Most attractive of all is a shimmering gelatin mold. The easiest way to unmold is to set the container into a bath of hot water for about 10 seconds, loosen the edges of the gelatin with a sharp knife if necessary and turn the mold out onto a serving platter.

BASIC SAVORY ASPIC WITH VARIATIONS

4 cups clear beef, veal, chicken or fish stock

2 envelopes unflavored gelatin

Soak gelatin in 1/2 cup of cold stock for 5 minutes. Heat remaining stock and stir in gelatin. Cook, stirring constantly, until gelatin is completely dissolved. Cool.

At this point, variations are practically endless. To use as a garnish for cold foods, pour aspic into a jellyroll pan and chill until set. Cut into triangles, squares or other shapes or chop.

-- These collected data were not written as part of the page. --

Lemma dominant_lead_coefM g h : g != 0 -> h != 0 ->
  dominant_coef (g * h) (size (g * h)%R).-1 ->
  dominant_coef g (size g).-1 /\ dominant_coef h (size h).-1.
Proof.
move=> g_neq0 h_neq0 /(dominant_coefM g_neq0 h_neq0)[mg [mh [mE dom_g dom_h]]].
have lt_g : (mg < size g)%N := dominant_coef_ltn dom_g.
have lt_h : (mh < size h)%N := dominant_coef_ltn dom_h.
have size_gh : size (g * h)%R = (size g + size h).-1 := size_mul g_neq0 h_neq0.
have mgE : mg = (size g).-1 by lia.
have mhE : mh = (size h).-1 by lia.
by rewrite -mgE -mhE.
Qed.
End DominantCoefficient.

Section Bivariate.
Variable K : fieldType.
Implicit Types (f g h u : {poly {poly K}}) (q : {poly K}).

Lemma polyXY_unitE u :
  (u \is a GRing.unit) = (size u == 1%N) && (size (u`_0)%R == 1%N).
Proof.
rewrite poly_unitE [_`_0 \is a _]poly_unitE unitfE; congr (_ && _).
by apply/andb_idr => /size_poly1P[c c_neq0 ->]; rewrite coefC.
Qed.

Lemma nonunit_size_sizeY u : u != 0 -> u \isn't a GRing.unit ->
  (2 < size u + sizeY u)%N.
Proof.
move=> u_neq0; rewrite ltnNge; apply: contraNN => small.
have u_gt0 : (0 < size u)%N by rewrite size_poly_gt0.
have uY_gt0 : (0 < sizeY u)%N by rewrite lt0n sizeY_eq0.
have size_u : size u = 1%N by lia.
have u0_neq0 : u`_0 != 0.
  by have := u_neq0; rewrite -lead_coef_eq0 lead_coefE size_u.
have u0_le1 : (size (u`_0)%R <= 1)%N.
  by apply: leq_trans (max_size_coefXY u 0) _; lia.
have u0_gt0 : (0 < size (u`_0)%R)%N by rewrite size_poly_gt0.
have size_u0 : size (u`_0)%R = 1%N by lia.
by rewrite polyXY_unitE size_u size_u0.
Qed.

Lemma irred_factorization_exists u : u != 0 -> u \isn't a GRing.unit ->
  exists2 s : seq {poly {poly K}},
    (forall g, g \in s -> irred_elt g) & u = \prod_(g <- s) g.
Proof.
have [n] := ubnP (size u + sizeY u)%N; elim: n u => // n IH u lt_u_n u_neq0 u_nonunit.
have [u_irr|u_red] := classic (irred_elt u).
  by exists [:: u]; [move=> g; rewrite inE => /eqP-> | rewrite big_seq1].
have [a [b [uE a_nonunit b_nonunit]]] : exists a b,
    [/\ u = a * b, a \isn't a GRing.unit & b \isn't a GRing.unit].
  apply: NNPP => no_ab; apply: u_red; split=> // a b uE.
  have [|a_nonunit] := boolP (a \is a GRing.unit); first by left.
  by have [|b_nonunit] := boolP (b \is a GRing.unit); [right | case: no_ab; exists a, b].
have a_neq0 : a != 0 by apply: contraNneq u_neq0 => a0; rewrite uE a0 mul0r.
have b_neq0 : b != 0 by apply: contraNneq u_neq0 => b0; rewrite uE b0 mulr0.
have size_u : size u = (size a + size b).-1 by rewrite uE size_mul.
have sizeY_u : sizeY u = (sizeY a + sizeY b).-1.
  by rewrite uE !sizeYE rmorphM size_mul ?swapXY_eq0.
have a_large := nonunit_size_sizeY a_neq0 a_nonunit.
have b_large := nonunit_size_sizeY b_neq0 b_nonunit.
have a_gt0 : (0 < size a)%N by rewrite size_poly_gt0.
have b_gt0 : (0 < size b)%N by rewrite size_poly_gt0.
have aY_gt0 : (0 < sizeY a)%N by rewrite lt0n sizeY_eq0.
have bY_gt0 : (0 < sizeY b)%N by rewrite lt0n sizeY_eq0.
have [|sa sa_irr aE] := IH a _ a_neq0 a_nonunit; first lia.
have [|sb sb_irr bE] := IH b _ b_neq0 b_nonunit; first lia.
exists (sa ++ sb); last by rewrite uE aE bE big_cat.
by move=> g; rewrite mem_cat => /orP[]; [apply: sa_irr | apply: sb_irr].
Qed.

Definition primitive_poly f :=
  forall d : {poly K}, (exists g, f = d%:P * g) -> (size d <= 1)%N.

Lemma primitive_factor_const f g h : primitive_poly f -> f = g * h ->
  (size h <= 1)%N -> lead_coef h = h`_0 /\ (size (h`_0)%R <= 1)%N.
Proof.
move=> f_prim fE h_le1; have hE := size1_polyC h_le1.
split; first by rewrite {1}hE lead_coefC.
by apply: f_prim; exists g; rewrite fE mulrC {1}hE.
Qed.

Lemma primitive_factor_size f g h : primitive_poly f -> f = g * h ->
  g != 0 -> g \isn't a GRing.unit -> (1 < size g)%N.
Proof.
move=> f_prim fE g_neq0; rewrite ltnNge; apply: contraNN => g_le1.
have [_ g0_le1] := primitive_factor_const f_prim (etrans fE (mulrC g h)) g_le1.
have g0_neq0 : g`_0 != 0 by move: g_neq0; rewrite {1}(size1_polyC g_le1) polyC_eq0.
have g_gt0 : (0 < size g)%N by rewrite size_poly_gt0.
have g0_gt0 : (0 < size (g`_0)%R)%N by rewrite size_poly_gt0.
have size_g : size g = 1%N by lia.
have size_g0 : size (g`_0)%R = 1%N by lia.
by rewrite polyXY_unitE size_g size_g0.
Qed.

Lemma dominant_coef0_factor_nonconst f g h q : primitive_poly f -> f = g * h ->
  f != 0 -> g \isn't a GRing.unit -> dominant_coef f 0 -> (1 < size q)%N ->
  (forall r, irreducible_poly r -> r %| f`_0 -> (size q <= size r)%N) ->
  (2 * (size q).-1 <= (size (f`_0)%R).-1)%N ->
  ((size (f`_0)%R).-1 <= (size (lead_coef f)).-1 + (size q).-1)%N ->
  (1 < size (g`_0)%R)%N /\ (1 < size (lead_coef g))%N.
Proof.
move=> f_prim fE f_neq0 g_nonunit dom q_gt1 q_min q_small a0_bound.
have g_neq0 : g != 0 by apply: contraNneq f_neq0 => g0; rewrite fE g0 mul0r.
have h_neq0 : h != 0 by apply: contraNneq f_neq0 => h0; rewrite fE h0 mulr0.
have g_gt1 := primitive_factor_size f_prim fE g_neq0 g_nonunit.
rewrite fE in dom; have [dom_g dom_h] := dominant_coef0M g_neq0 h_neq0 dom.
rewrite fE coef0M lead_coefM in q_min q_small a0_bound.
apply: end_coefs_nonconst q_gt1 q_min q_small a0_bound _ _.
  by rewrite lead_coefE; apply: dom_g; rewrite -lt0n -subn1 subn_gt0.
have [h_le1|h_gt1] := leqP (size h) 1.
  by right; apply: primitive_factor_const f_prim fE h_le1.
by left; rewrite lead_coefE; apply: dom_h; rewrite -lt0n -subn1 subn_gt0.
Qed.

Lemma dominant_lead_coef_factor_nonconst f g h q : primitive_poly f -> f = g * h ->
  f`_0 != 0 -> g \isn't a GRing.unit -> dominant_coef f (size f).-1 ->
  (1 < size q)%N ->
  (forall r, irreducible_poly r -> r %| lead_coef f -> (size q <= size r)%N) ->
  (2 * (size q).-1 <= (size (lead_coef f)).-1)%N ->
  ((size (lead_coef f)).-1 <= (size (f`_0)%R).-1 + (size q).-1)%N ->
  (1 < size (g`_0)%R)%N /\ (1 < size (lead_coef g))%N.
Proof.
move=> f_prim fE f0_neq0 g_nonunit dom q_gt1 q_min q_small an_bound.
have g_neq0 : g != 0 by apply: contraNneq f0_neq0 => g0; rewrite fE g0 mul0r coef0.
have h_neq0 : h != 0 by apply: contraNneq f0_neq0 => h0; rewrite fE h0 mulr0 coef0.
have g_gt1 := primitive_factor_size f_prim fE g_neq0 g_nonunit.
rewrite fE in dom; have [dom_g dom_h] := dominant_lead_coefM g_neq0 h_neq0 dom.
rewrite fE coef0M lead_coefM in q_min q_small an_bound.
have [] := end_coefs_nonconst q_gt1 q_min q_small an_bound _ _; last by [].
  by rewrite lead_coefE; apply: dom_g; rewrite eq_sym -lt0n -subn1 subn_gt0.
have [h_le1|h_gt1] := leqP (size h) 1.
  by right; have [-> ->] := primitive_factor_const f_prim fE h_le1.
by left; rewrite lead_coefE; apply: dom_h; rewrite eq_sym -lt0n -subn1 subn_gt0.
Qed.

Lemma size_factorization_leq_nfactors (s : seq {poly {poly K}}) f k0 kn :
  f = \prod_(g <- s) g ->
  (forall g, g \in s -> (1 < size (g`_0)%R)%N /\ (1 < size (lead_coef g))%N) ->
  nfactors f`_0 k0 -> nfactors (lead_coef f) kn -> (size s <= minn k0 kn)%N.
Proof.
move=> fE ends nf0 nfn; rewrite leq_min; apply/andP; split.
  rewrite -(size_map (fun g => g`_0)); apply: leq_nfactors nf0.
    by move=> x /mapP[g gs ->]; have [] := ends g gs.
  by rewrite big_map -coef0_prod -fE eqpxx.
rewrite -(size_map (@lead_coef _)); apply: leq_nfactors nfn.
  by move=> x /mapP[g gs ->]; have [] := ends g gs.
by rewrite big_map -lead_coef_prod -fE eqpxx.
Qed.
End Bivariate.

Theorem theorem2 (K : fieldType) (f : {poly {poly K}}) (nu0 nun : nat) :
  let n := (size f).-1 in
  let a : nat -> {poly K} := fun i => f`_i in
  (2 <= n)%N ->
  (a 0%N) * (a n) != 0 ->
  (forall d : {poly K}, (exists g, f = d%:P * g) -> (size d <= 1)%N) ->
  nfactors (a 0%N) nu0 ->
  nfactors (a n) nun ->
  ( (* case (i) *)
    (reducible_poly (a 0%N) /\
     (exists q : {poly K},
        [/\ irreducible_poly q, q %| (a 0%N),
            (forall r : {poly K}, irreducible_poly r -> r %| (a 0%N) ->
                 (size q <= size r)%N) &
            ((size (a 0%N)).-1 <= (size (a n)).-1 + (size q).-1)%N]) /\
     (forall i, (1 <= i <= n)%N -> (size (a i) < size (a 0%N))%N))
  \/ (* case (ii) *)
    (reducible_poly (a n) /\
     (exists q : {poly K},
        [/\ irreducible_poly q, q %| (a n),
            (forall r : {poly K}, irreducible_poly r -> r %| (a n) ->
                 (size q <= size r)%N) &
            ((size (a n)).-1 <= (size (a 0%N)).-1 + (size q).-1)%N]) /\
     (forall i, (i < n)%N -> (size (a i) < size (a n))%N)) ) ->
  prod_at_most_irred f (minn nu0 nun).
Proof.
move=> n a n_ge2 a0an_neq0 f_prim nf0 nfn hcase.
have /andP[a0_neq0 an_neq0] : (a 0%N != 0) && (a n != 0).
  by rewrite -negb_or -mulf_eq0.
have size_f : size f = n.+1 by move: n_ge2; rewrite /n; case: (size f).
have f_neq0 : f != 0 by rewrite -size_poly_gt0 size_f.
have f_nonunit : f \isn't a GRing.unit.
  by rewrite polyXY_unitE size_f gtn_eqF // leqW.
have [s s_irr fE] := irred_factorization_exists f_neq0 f_nonunit.
exists s; split=> //; apply: (size_factorization_leq_nfactors fE _ nf0 nfn) => g gs.
have fgE : f = g * \prod_(x <- rem g s) x by rewrite fE (big_rem _ gs).
have [_ g_nonunit _] := s_irr g gs.
case: hcase => [[a0_red [[q [q_irr _ q_min a0_bound]] dom]] |
                [an_red [[q [q_irr _ q_min an_bound]] dom]]].
  apply: dominant_coef0_factor_nonconst f_prim fgE f_neq0 g_nonunit _ q_irr.1 q_min
    (reducible_deg_geq_double a0_red q_min) a0_bound.
  by apply: dominant_coefP => // j j_neq0; rewrite size_f => lt_j; apply: dom; lia.
apply: dominant_lead_coef_factor_nonconst f_prim fgE a0_neq0 g_nonunit _ q_irr.1 q_min
  (reducible_deg_geq_double an_red q_min) an_bound.
by apply: dominant_coefP => // j j_neq; rewrite size_f => lt_j; apply: dom; lia.
Qed.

If using chicken broth, try adding fresh lemon juice to taste while the gelatin is still hot and about 2 tablespoons chopped fresh dill (or 1 teaspoon dried dillweed) when it is partially set. After unmolding, decorate with lemon slices and fresh dill sprigs. For more crunch stir in the chopped meat of a small cooked chicken breast, a chopped celery stalk and a couple of chopped mushrooms along with the dill.

For easy tomato aspic, substitute tomato juice for chicken stock and add freshly ground black pepper and fresh lemon juice to taste. When the gelatin is partially set, stir in 1 cup coarsely chopped tomatoes, 1 tablespoon chopped chives and 2 tablespoons chopped green pepper. Another idea is to add cooked bay scallops, tiny shrimp or crab meat. Serve with mayonnaise, remoulade sauce or salad dressing.

If using beef, veal, fish or vegetable stock, add chopped or shredded vegetables such as celery, radishes, mushrooms, carrots or onion. Serves four to six.